[Proj] Spheroidal gnomonic projection
Karney, Charles
ckarney at Sarnoff.com
Mon Jun 14 08:46:23 PDT 2010
Noel,
Thanks for the E-mail. Your method is same as given by Roy Williams,
Geometry of Navigation (Horwood, Chichester, 1998), pp 29-37. (Google
books will allow you to "preview" these pages.)
Incidentally the "neatest" way to project from a point to a plane is via
homogeneous 4-vectors. A point X is given by [x, y, z, 1]^t (possibly
multiplied by a constant).

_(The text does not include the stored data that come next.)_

Lemma layer_gap_le l : (l < L)%N ->
  (layer_sum l - layer_sum l.+1) ^+ 2 <= cross_energy l.
Proof.
move=> l_lt; have m2_gt0 : 0 < (m%:R : R) ^+ 2 by rewrite exprn_gt0 ?ltr0n.
rewrite -(ler_pM2l m2_gt0) -exprMn.
have -> : m%:R * (layer_sum l - layer_sum l.+1) =
    \sum_(a | layer a == l) (m%:R * y a - layer_sum l.+1).
  rewrite sumrB -mulr_sumr mulrBr; congr (_ - _).
  by rewrite -(card_layer (ltnW l_lt)) mulr_suml; under eq_bigr do rewrite mul1r.
apply: le_trans (sqr_sum_le _ _ _) _.
rewrite card_layer ?(ltnW l_lt) // expr2 -mulrA ler_wpM2l ?ler0n //.
by rewrite mulr_sumr ler_sum // => a _; exact: layer_dev_le.
Qed.

Lemma cross_energy_le : \sum_(0 <= l < L) cross_energy l <= energy.
Proof.
have -> : \sum_(0 <= l < L) cross_energy l = \sum_a
    (if (layer a < L)%N then \sum_(b | layer b == (layer a).+1) gap a b else 0).
  rewrite /cross_energy; under eq_bigr do rewrite big_mkcond /=.
  rewrite exchange_big /=; apply: eq_bigr => a _.
  by rewrite -big_mkcond (eq_bigl _ _ (fun l => eq_sym _ _)) big_nat1_eq.
apply: ler_sum => a _; case: ifP => a_lt; last by rewrite sumr_ge0 // => b _; case: ifP.
rewrite [leLHS]big_mkcond; apply: ler_sum => b _; case: eqP => [b_next|_].
  by rewrite /layered b_next eqxx a_lt.
by case: ifP.
Qed.

Lemma layered_resistance :
  (m%:R) ^+ 2 * (y source - y sink) ^+ 2 <= 3 * (m + L)%:R * energy.
Proof.
have L1_le : (L.-1 <= L)%N by exact: leq_pred.
set a := m%:R * y source - layer_sum 1.
set b := layer_sum 1 - layer_sum L.-1.
set c := layer_sum L.-1 - m%:R * y sink.
have a_le : a ^+ 2 <= m%:R * cross_energy 0.
  apply: le_trans (layer_dev_le _ (ltnW L_ge2)) _; rewrite ler_wpM2l ?ler0n //.
  rewrite /cross_energy [leRHS](bigD1 source) ?layer_source //= lerDl.
  by apply: sumr_ge0 => ? _; exact: sumr_ge0.
have c_le : c ^+ 2 <= m%:R * cross_energy L.-1.
  rewrite /c -sqrrN opprB; apply: le_trans (layer_dev_le _ L1_le) _.
  rewrite ler_wpM2l ?ler0n // /cross_energy; apply: ler_sum => i _.
  rewrite (bigD1 sink) /= ?layer_sink ?prednK ?(ltnW L_ge2) //.
  have -> : gap sink i = gap i sink by rewrite /gap -sqrrN opprB.
  by rewrite lerDl sumr_ge0.
have b_le : b ^+ 2 <= (L.-2)%:R * \sum_(1 <= l < L.-1) cross_energy l.
  have -> : b = \sum_(1 <= l < L.-1) (layer_sum l - layer_sum l.+1).
    rewrite /b -opprB -telescope_sumr; last lia.
    by rewrite -sumrN; apply: eq_bigr => l _; rewrite opprB.
  apply: le_trans (sqr_sum_le _ _ _) _.
  rewrite sumr_const_nat -mulr_natl mulr1 subn1 ler_wpM2l ?ler0n //.
  by apply: ler_sum_nat => l /andP[_ l_lt]; apply: layer_gap_le; lia.
have cross_split : \sum_(0 <= l < L) cross_energy l =
    cross_energy 0 + \sum_(1 <= l < L.-1) cross_energy l + cross_energy L.-1.
  rewrite -(prednK (ltnW L_ge2)) big_nat_recr //= big_ltn ?prednK //; lia.
have abc : m%:R * (y source - y sink) = a + b + c by rewrite /a /b /c; ring.
rewrite -exprMn abc.
have := cross_energy_le; rewrite cross_split => cross_le.
have sum3 : (a + b + c) ^+ 2 <= 3 * (a ^+ 2 + b ^+ 2 + c ^+ 2).
  by have := sqr_ge0 (a - b); have := sqr_ge0 (b - c); have := sqr_ge0 (a - c); nra.
have mid_ge0 : 0 <= \sum_(1 <= l < L.-1) cross_energy l by exact: sumr_ge0.
set M : R := (m + L)%:R.
have m_le : m%:R <= M by rewrite ler_nat leq_addr.
have L2_le : (L.-2)%:R <= M by rewrite ler_nat; lia.
have := ler_wpM2r (cross_energy_ge0 0%N) m_le; have := ler_wpM2r (cross_energy_ge0 L.-1) m_le.
have := ler_wpM2r mid_ge0 L2_le; have := ler_wpM2l (ler0n _ (m + L)) cross_le.
rewrite -/M; lra.
Qed.

End Resistance.

Lemma source_sink_gap_le (x : 'cV[R]_n) :
  (m%:R) ^+ 2 * (x source 0 - x sink 0) ^+ 2 <=
  6 * (m + L)%:R * quad_form (laplacian layered (fun _ _ => 1)) x.
Proof.
apply: le_trans (layered_resistance (fun i => x i 0)) _.
have := @laplacian_quad_form R n layered (fun _ _ => 1) x layered_sym layered_irr
  (fun _ _ => erefl).
under eq_bigr do under eq_bigr do rewrite mul1r.
move=> <-; lra.
Qed.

A plane P is defined by P^t.X = 0. The
operation which projects a point X from a center point C onto a plane P
is given by
Y = M.X
where
M = (C^t.P) I - C.P^t
The nice thing about 4-vectors is that you can deal with orthogonal
projections (from a point at infinity) easily.
I've measured deviations of straight lines in this projection from
geodesics and within 1000km of the center point the errors in the
initial/final azimuths are up to 108". This is OK, but not great.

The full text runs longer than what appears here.